(Material for this task Opens)

(* Let $\mathcal H$ be an infinite-dimensional complex Hilbert space and let $\mathcal C_f(\mathcal H)$ be the set of closed forms in $\mathcal V_f(\mathcal H)$. Then $(\mathcal C_f(\mathcal H);\oplus_{|\mathcal C_f(\mathcal H)},o)$ is a generalized effect algebra.
   Context: Bilinear forms $t$ on $\mathcal H$ are sesquilinear maps $D(t)\times D(t)\to\mathbb C$ on a dense linear subspace $D(t)$ (linear in the first argument); $t$ is positive if $t(x,x)\ge0$ on $D(t)$, bounded if $\sup\{t(x,x)\mid x\in D(t),\|x\|=1\}<\infty$. The sum $t+s$ has domain $D(t)\cap D(s)$. $o$ is the zero form on $\mathcal H$. $\mathcal V_f(\mathcal H)$ is the set of positive bilinear forms with dense domain such that $D(t)=\mathcal H$ whenever $t$ is bounded; $t\oplus s$ is defined iff $t$ or $s$ is bounded or $D(t)=D(s)$, and then $t\oplus s=t+s$. A positive form $t$ is closed if $D(t)$ is a Hilbert space under $(x,y)_t=t(x,y)+(1+m_t)(x,y)$ with $m_t=\inf\{t(x,x)\mid x\in D(t),\|x\|=1\}$. For $Q\subseteq\mathcal V_f(\mathcal H)$, $x\oplus_{|Q}y$ is defined iff $x\oplus y$ is defined and lies in $Q$, and then equals $x\oplus y$. A generalized effect algebra is a structure $(E;\oplus,0)$ with a partial operation that is commutative and associative (when one side is defined), has $x\oplus0=x$, is cancellative, and satisfies $x\oplus y=0\Rightarrow x=y=0$. *)

From HB Require Import structures.
From mathcomp Require Import all_boot all_order all_algebra.
From mathcomp Require Import complex.
From mathcomp Require Import boolp classical_sets reals.

Set Implicit Arguments.
Unset Strict Implicit.
Unset Printing Implicit Defensive.

Import Order.TTheory GRing.Theory Num.Theory.
Local Open Scope ring_scope.
Local Open Scope classical_set_scope.
Local Open Scope complex_scope.
Local Open Scope ring_scope.

Section Hilbert.
Context {R : realType} {V : lmodType R[i]}.
Variable ip : V -> V -> R[i].

Definition is_inner_product : Prop :=
  [/\ (forall (a : R[i]) (x y z : V), ip (a *: x + y) z = a * ip x z + ip y z),
      (forall x y : V, ip y x = (ip x y)^*),
      (forall x : V, 0 <= ip x x) &
      (forall x : V, ip x x = 0 -> x = 0)].

Definition hnorm (x : V) : R := Num.sqrt (complex.Re (ip x x)).

Definition hcauchy (u : nat -> V) : Prop :=
  forall e : R, 0 < e -> exists N : nat, forall n m : nat,
    (N <= n)%N -> (N <= m)%N -> hnorm (u n - u m) < e.

Definition hconverges_to (u : nat -> V) (x : V) : Prop :=
  forall e : R, 0 < e -> exists N : nat, forall n : nat,
    (N <= n)%N -> hnorm (u n - x) < e.

Definition hcomplete : Prop :=
  forall u : nat -> V, hcauchy u -> exists x : V, hconverges_to u x.

Definition infinite_dimensional : Prop :=
  forall n : nat, exists v : 'I_n -> V,
    forall c : 'I_n -> R[i], \sum_(j < n) c j *: v j = 0 -> forall j, c j = 0.

(* A form is represented by its domain D(t) and a function V -> V -> C
   whose values outside D(t) x D(t) are normalized to 0 (so that two forms
   are equal iff they have the same domain and agree on it). *)
Definition form := (set V * (V -> V -> R[i]))%type.

Definition fdom (t : form) : set V := t.1.
Definition fval (t : form) : V -> V -> R[i] := t.2.

Definition linear_subspace (D : set V) : Prop :=
  D 0 /\ forall (a : R[i]) x y, D x -> D y -> D (a *: x + y).

Definition dense (D : set V) : Prop :=
  forall (x : V) (e : R), 0 < e -> exists2 y, D y & hnorm (x - y) < e.

Definition is_form (t : form) : Prop :=
  [/\ linear_subspace (fdom t), dense (fdom t),
      (forall (a : R[i]) x y z, fdom t x -> fdom t y -> fdom t z ->
         fval t (a *: x + y) z = a * fval t x z + fval t y z),
      (forall (a : R[i]) x y z, fdom t x -> fdom t y -> fdom t z ->
         fval t x (a *: y + z) = a^* * fval t x y + fval t x z) &
      (forall x y, ~ (fdom t x /\ fdom t y) -> fval t x y = 0)].

Definition form_positive (t : form) : Prop :=
  forall x, fdom t x -> 0 <= fval t x x.

Definition form_bounded (t : form) : Prop :=
  exists M : R, forall x, fdom t x -> hnorm x = 1 -> fval t x x <= M%:C.

Definition zero_form : form := (setT, fun _ _ => 0).

Definition Vf (t : form) : Prop :=
  [/\ is_form t, form_positive t & (form_bounded t -> fdom t = setT)].

Definition form_m (t : form) : R :=
  inf [set complex.Re (fval t x x) | x in [set x | fdom t x /\ hnorm x = 1]].
Lemma reducible_lam U T M :
  (forall N, reducible U N -> reducible T (lsubst (lopen N) M)) ->
  reducible (SArr U T) (LLam M).
Proof.
  intros Hbody N HN; apply reducible_beta_redex with U; auto.
  - apply (SN_lsubst_inv (lopen (LVar 0))), (reducible_SN T), Hbody, reducible_var.
  - eapply reducible_SN; eassumption.
Qed.

Lemma lhas_type_reducible G M T : lhas_type G M T ->
  forall s, (forall n U, nth_error G n = Some U -> reducible U (s n)) ->
  reducible T (lsubst s M).
Proof.
  induction 1 as [G n T E|G T|G M U T _ IH|G M N U T _ IHM _ IHN]; intros s Hs; simpl.
  - apply Hs, E.
  - apply reducible_const.
  - apply reducible_lam; intros N HN.
    rewrite lopen_lup; apply IH.
    intros [|n] V E; simpl in E; [injection E as <-; exact HN | apply Hs, E].
  - apply (IHM s Hs), IHN, Hs.
Qed.

Lemma lhas_type_SN G M T : lhas_type G M T -> SN M.
Proof.
  intros H; rewrite <- lsubst_id.
  apply (reducible_SN T), (lhas_type_reducible G); auto using reducible_var.
Qed.

(** * Erasure *)

Fixpoint erase_ty (t : ty) : stype :=
  match t with
  | TConst _ => SBase
  | TPi t1 t2 => SArr (erase_ty t1) (erase_ty t2)
  | TApp t _ | TCode _ t | TAll t => erase_ty t
  end.

Fixpoint erase (M : tm) : lterm :=
  match M with
  | Const _ => LConst
  | Var n => LVar n
  | Lam _ M => LLam (erase M)
  | App M N => LApp (erase M) (erase N)
  | Quote _ M | Esc _ M | Csp _ M | SLam M | SApp M _ => erase M
  end.

Definition erase_env (G : env) : list stype := map (fun p => erase_ty (fst p)) G.

Fixpoint slam_count (M : tm) : nat :=
  match M with
  | Const _ | Var _ => 0
  | Lam _ M | Quote _ M | Esc _ M | Csp _ M | SApp M _ => slam_count M
  | App M N => slam_count M + slam_count N
  | SLam M => S (slam_count M)
  end.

(Material for this task Closes)

- Your instructions
Set down the whole of the data, exactly as it stands.

- Problem solution
(* Let $\mathcal H$ be an infinite-dimensional complex Hilbert space and let $\mathcal C_f(\mathcal H)$ be the set of closed forms in $\mathcal V_f(\mathcal H)$. Then $(\mathcal C_f(\mathcal H);\oplus_{|\mathcal C_f(\mathcal H)},o)$ is a generalized effect algebra.
   Context: Bilinear forms $t$ on $\mathcal H$ are sesquilinear maps $D(t)\times D(t)\to\mathbb C$ on a dense linear subspace $D(t)$ (linear in the first argument); $t$ is positive if $t(x,x)\ge0$ on $D(t)$, bounded if $\sup\{t(x,x)\mid x\in D(t),\|x\|=1\}<\infty$. The sum $t+s$ has domain $D(t)\cap D(s)$. $o$ is the zero form on $\mathcal H$. $\mathcal V_f(\mathcal H)$ is the set of positive bilinear forms with dense domain such that $D(t)=\mathcal H$ whenever $t$ is bounded; $t\oplus s$ is defined iff $t$ or $s$ is bounded or $D(t)=D(s)$, and then $t\oplus s=t+s$. A positive form $t$ is closed if $D(t)$ is a Hilbert space under $(x,y)_t=t(x,y)+(1+m_t)(x,y)$ with $m_t=\inf\{t(x,x)\mid x\in D(t),\|x\|=1\}$. For $Q\subseteq\mathcal V_f(\mathcal H)$, $x\oplus_{|Q}y$ is defined iff $x\oplus y$ is defined and lies in $Q$, and then equals $x\oplus y$. A generalized effect algebra is a structure $(E;\oplus,0)$ with a partial operation that is commutative and associative (when one side is defined), has $x\oplus0=x$, is cancellative, and satisfies $x\oplus y=0\Rightarrow x=y=0$. *)

From HB Require Import structures.
From mathcomp Require Import all_boot all_order all_algebra.
From mathcomp Require Import complex.
From mathcomp Require Import boolp classical_sets reals.

Set Implicit Arguments.
Unset Strict Implicit.
Unset Printing Implicit Defensive.

Import Order.TTheory GRing.Theory Num.Theory.
Local Open Scope ring_scope.
Local Open Scope classical_set_scope.
Local Open Scope complex_scope.
Local Open Scope ring_scope.

Section Hilbert.
Context {R : realType} {V : lmodType R[i]}.
Variable ip : V -> V -> R[i].

Definition is_inner_product : Prop :=
  [/\ (forall (a : R[i]) (x y z : V), ip (a *: x + y) z = a * ip x z + ip y z),
      (forall x y : V, ip y x = (ip x y)^*),
      (forall x : V, 0 <= ip x x) &
      (forall x : V, ip x x = 0 -> x = 0)].

Definition hnorm (x : V) : R := Num.sqrt (complex.Re (ip x x)).

Definition hcauchy (u : nat -> V) : Prop :=
  forall e : R, 0 < e -> exists N : nat, forall n m : nat,
    (N <= n)%N -> (N <= m)%N -> hnorm (u n - u m) < e.

Definition hconverges_to (u : nat -> V) (x : V) : Prop :=
  forall e : R, 0 < e -> exists N : nat, forall n : nat,
    (N <= n)%N -> hnorm (u n - x) < e.

Definition hcomplete : Prop :=
  forall u : nat -> V, hcauchy u -> exists x : V, hconverges_to u x.

Definition infinite_dimensional : Prop :=
  forall n : nat, exists v : 'I_n -> V,
    forall c : 'I_n -> R[i], \sum_(j < n) c j *: v j = 0 -> forall j, c j = 0.

(* A form is represented by its domain D(t) and a function V -> V -> C
   whose values outside D(t) x D(t) are normalized to 0 (so that two forms
   are equal iff they have the same domain and agree on it). *)
Definition form := (set V * (V -> V -> R[i]))%type.

Definition fdom (t : form) : set V := t.1.
Definition fval (t : form) : V -> V -> R[i] := t.2.

Definition linear_subspace (D : set V) : Prop :=
  D 0 /\ forall (a : R[i]) x y, D x -> D y -> D (a *: x + y).

Definition dense (D : set V) : Prop :=
  forall (x : V) (e : R), 0 < e -> exists2 y, D y & hnorm (x - y) < e.

Definition is_form (t : form) : Prop :=
  [/\ linear_subspace (fdom t), dense (fdom t),
      (forall (a : R[i]) x y z, fdom t x -> fdom t y -> fdom t z ->
         fval t (a *: x + y) z = a * fval t x z + fval t y z),
      (forall (a : R[i]) x y z, fdom t x -> fdom t y -> fdom t z ->
         fval t x (a *: y + z) = a^* * fval t x y + fval t x z) &
      (forall x y, ~ (fdom t x /\ fdom t y) -> fval t x y = 0)].

Definition form_positive (t : form) : Prop :=
  forall x, fdom t x -> 0 <= fval t x x.

Definition form_bounded (t : form) : Prop :=
  exists M : R, forall x, fdom t x -> hnorm x = 1 -> fval t x x <= M%:C.

Definition zero_form : form := (setT, fun _ _ => 0).

Definition Vf (t : form) : Prop :=
  [/\ is_form t, form_positive t & (form_bounded t -> fdom t = setT)].

Definition form_m (t : form) : R :=
  inf [set complex.Re (fval t x x) | x in [set x | fdom t x /\ hnorm x = 1]].
Lemma reducible_lam U T M :
  (forall N, reducible U N -> reducible T (lsubst (lopen N) M)) ->
  reducible (SArr U T) (LLam M).
Proof.
  intros Hbody N HN; apply reducible_beta_redex with U; auto.
  - apply (SN_lsubst_inv (lopen (LVar 0))), (reducible_SN T), Hbody, reducible_var.
  - eapply reducible_SN; eassumption.
Qed.

Lemma lhas_type_reducible G M T : lhas_type G M T ->
  forall s, (forall n U, nth_error G n = Some U -> reducible U (s n)) ->
  reducible T (lsubst s M).
Proof.
  induction 1 as [G n T E|G T|G M U T _ IH|G M N U T _ IHM _ IHN]; intros s Hs; simpl.
  - apply Hs, E.
  - apply reducible_const.
  - apply reducible_lam; intros N HN.
    rewrite lopen_lup; apply IH.
    intros [|n] V E; simpl in E; [injection E as <-; exact HN | apply Hs, E].
  - apply (IHM s Hs), IHN, Hs.
Qed.

Lemma lhas_type_SN G M T : lhas_type G M T -> SN M.
Proof.
  intros H; rewrite <- lsubst_id.
  apply (reducible_SN T), (lhas_type_reducible G); auto using reducible_var.
Qed.

(** * Erasure *)

Fixpoint erase_ty (t : ty) : stype :=
  match t with
  | TConst _ => SBase
  | TPi t1 t2 => SArr (erase_ty t1) (erase_ty t2)
  | TApp t _ | TCode _ t | TAll t => erase_ty t
  end.

Fixpoint erase (M : tm) : lterm :=
  match M with
  | Const _ => LConst
  | Var n => LVar n
  | Lam _ M => LLam (erase M)
  | App M N => LApp (erase M) (erase N)
  | Quote _ M | Esc _ M | Csp _ M | SLam M | SApp M _ => erase M
  end.

Definition erase_env (G : env) : list stype := map (fun p => erase_ty (fst p)) G.

Fixpoint slam_count (M : tm) : nat :=
  match M with
  | Const _ | Var _ => 0
  | Lam _ M | Quote _ M | Esc _ M | Csp _ M | SApp M _ => slam_count M
  | App M N => slam_count M + slam_count N
  | SLam M => S (slam_count M)
  end.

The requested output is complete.